### Excerpted data
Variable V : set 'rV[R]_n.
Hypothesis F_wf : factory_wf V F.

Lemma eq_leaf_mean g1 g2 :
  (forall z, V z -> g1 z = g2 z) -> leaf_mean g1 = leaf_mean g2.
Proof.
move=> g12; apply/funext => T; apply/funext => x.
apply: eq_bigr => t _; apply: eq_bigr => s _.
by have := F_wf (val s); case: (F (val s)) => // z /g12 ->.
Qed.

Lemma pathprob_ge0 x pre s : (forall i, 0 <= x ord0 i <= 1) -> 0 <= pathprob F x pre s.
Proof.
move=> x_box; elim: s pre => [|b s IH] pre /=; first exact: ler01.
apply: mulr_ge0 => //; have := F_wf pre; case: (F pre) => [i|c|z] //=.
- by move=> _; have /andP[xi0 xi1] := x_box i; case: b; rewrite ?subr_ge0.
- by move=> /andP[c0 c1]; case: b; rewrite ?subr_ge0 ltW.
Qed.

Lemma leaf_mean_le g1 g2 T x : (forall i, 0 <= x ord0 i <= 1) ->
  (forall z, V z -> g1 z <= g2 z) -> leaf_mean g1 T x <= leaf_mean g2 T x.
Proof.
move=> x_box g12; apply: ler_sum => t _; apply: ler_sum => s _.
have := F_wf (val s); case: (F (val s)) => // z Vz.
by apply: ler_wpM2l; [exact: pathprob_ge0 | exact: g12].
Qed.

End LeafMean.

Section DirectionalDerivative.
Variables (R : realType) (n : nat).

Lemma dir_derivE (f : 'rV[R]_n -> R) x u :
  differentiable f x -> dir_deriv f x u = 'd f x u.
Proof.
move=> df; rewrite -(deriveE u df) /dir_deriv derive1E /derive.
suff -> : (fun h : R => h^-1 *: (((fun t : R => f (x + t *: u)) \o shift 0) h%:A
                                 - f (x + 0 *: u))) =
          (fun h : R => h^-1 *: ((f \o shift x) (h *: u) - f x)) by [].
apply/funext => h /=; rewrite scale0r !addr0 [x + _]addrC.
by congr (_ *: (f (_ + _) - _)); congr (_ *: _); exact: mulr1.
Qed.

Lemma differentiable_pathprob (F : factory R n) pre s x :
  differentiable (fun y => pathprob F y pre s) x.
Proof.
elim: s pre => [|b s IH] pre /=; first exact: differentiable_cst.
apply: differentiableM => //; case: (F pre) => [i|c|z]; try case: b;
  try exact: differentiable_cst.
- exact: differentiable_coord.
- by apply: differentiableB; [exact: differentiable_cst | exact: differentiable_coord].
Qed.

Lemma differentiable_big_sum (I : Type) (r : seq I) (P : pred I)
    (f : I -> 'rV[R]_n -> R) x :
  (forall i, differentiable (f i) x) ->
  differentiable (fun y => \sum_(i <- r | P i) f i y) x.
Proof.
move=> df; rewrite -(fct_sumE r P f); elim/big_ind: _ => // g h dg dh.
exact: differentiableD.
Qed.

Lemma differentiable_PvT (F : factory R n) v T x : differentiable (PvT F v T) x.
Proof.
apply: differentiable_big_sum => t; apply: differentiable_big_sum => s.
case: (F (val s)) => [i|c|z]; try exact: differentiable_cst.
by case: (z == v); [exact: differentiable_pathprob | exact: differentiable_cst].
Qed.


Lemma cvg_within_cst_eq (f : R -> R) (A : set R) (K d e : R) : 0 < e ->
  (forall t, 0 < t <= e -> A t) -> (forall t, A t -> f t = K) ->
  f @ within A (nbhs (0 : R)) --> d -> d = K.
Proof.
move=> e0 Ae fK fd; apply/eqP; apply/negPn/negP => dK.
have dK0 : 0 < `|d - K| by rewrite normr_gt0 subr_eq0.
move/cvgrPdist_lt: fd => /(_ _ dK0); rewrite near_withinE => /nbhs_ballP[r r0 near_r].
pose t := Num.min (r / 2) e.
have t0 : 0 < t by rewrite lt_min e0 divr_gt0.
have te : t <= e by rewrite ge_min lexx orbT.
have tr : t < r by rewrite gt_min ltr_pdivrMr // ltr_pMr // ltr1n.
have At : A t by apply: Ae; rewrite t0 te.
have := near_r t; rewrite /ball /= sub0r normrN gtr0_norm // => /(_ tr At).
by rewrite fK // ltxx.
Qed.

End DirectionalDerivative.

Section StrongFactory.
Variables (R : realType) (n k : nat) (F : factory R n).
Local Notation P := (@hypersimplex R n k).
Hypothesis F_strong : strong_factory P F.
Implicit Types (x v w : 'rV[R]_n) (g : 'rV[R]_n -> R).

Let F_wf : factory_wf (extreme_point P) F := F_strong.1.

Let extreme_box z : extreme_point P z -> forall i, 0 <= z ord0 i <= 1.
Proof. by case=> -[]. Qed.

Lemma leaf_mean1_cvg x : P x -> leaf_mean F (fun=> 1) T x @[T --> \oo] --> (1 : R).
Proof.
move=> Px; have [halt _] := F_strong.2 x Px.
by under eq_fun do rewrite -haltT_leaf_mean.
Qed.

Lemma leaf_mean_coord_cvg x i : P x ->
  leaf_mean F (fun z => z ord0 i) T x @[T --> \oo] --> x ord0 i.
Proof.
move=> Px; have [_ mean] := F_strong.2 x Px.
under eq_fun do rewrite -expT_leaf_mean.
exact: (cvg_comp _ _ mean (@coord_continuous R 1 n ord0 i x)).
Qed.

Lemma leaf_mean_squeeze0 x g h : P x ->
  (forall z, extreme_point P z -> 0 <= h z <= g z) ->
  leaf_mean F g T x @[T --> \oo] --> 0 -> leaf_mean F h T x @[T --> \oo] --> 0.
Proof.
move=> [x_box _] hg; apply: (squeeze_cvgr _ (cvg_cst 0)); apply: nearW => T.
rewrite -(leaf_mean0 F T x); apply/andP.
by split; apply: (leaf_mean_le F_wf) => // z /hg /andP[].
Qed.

### Exercise aim
Copy out, exactly as given, the line containing "Section StrongFactory." together with every line after it in the material.

### Answer space
Section StrongFactory.
Variables (R : realType) (n k : nat) (F : factory R n).
Local Notation P := (@hypersimplex R n k).
Hypothesis F_strong : strong_factory P F.
Implicit Types (x v w : 'rV[R]_n) (g : 'rV[R]_n -> R).

Let F_wf : factory_wf (extreme_point P) F := F_strong.1.

Let extreme_box z : extreme_point P z -> forall i, 0 <= z ord0 i <= 1.
Proof. by case=> -[]. Qed.

Lemma leaf_mean1_cvg x : P x -> leaf_mean F (fun=> 1) T x @[T --> \oo] --> (1 : R).
Proof.
move=> Px; have [halt _] := F_strong.2 x Px.
by under eq_fun do rewrite -haltT_leaf_mean.
Qed.

Lemma leaf_mean_coord_cvg x i : P x ->
  leaf_mean F (fun z => z ord0 i) T x @[T --> \oo] --> x ord0 i.
Proof.
move=> Px; have [_ mean] := F_strong.2 x Px.
under eq_fun do rewrite -expT_leaf_mean.
exact: (cvg_comp _ _ mean (@coord_continuous R 1 n ord0 i x)).
Qed.

Lemma leaf_mean_squeeze0 x g h : P x ->
  (forall z, extreme_point P z -> 0 <= h z <= g z) ->
  leaf_mean F g T x @[T --> \oo] --> 0 -> leaf_mean F h T x @[T --> \oo] --> 0.
Proof.
move=> [x_box _] hg; apply: (squeeze_cvgr _ (cvg_cst 0)); apply: nearW => T.
rewrite -(leaf_mean0 F T x); apply/andP.
by split; apply: (leaf_mean_le F_wf) => // z /hg /andP[].
Qed.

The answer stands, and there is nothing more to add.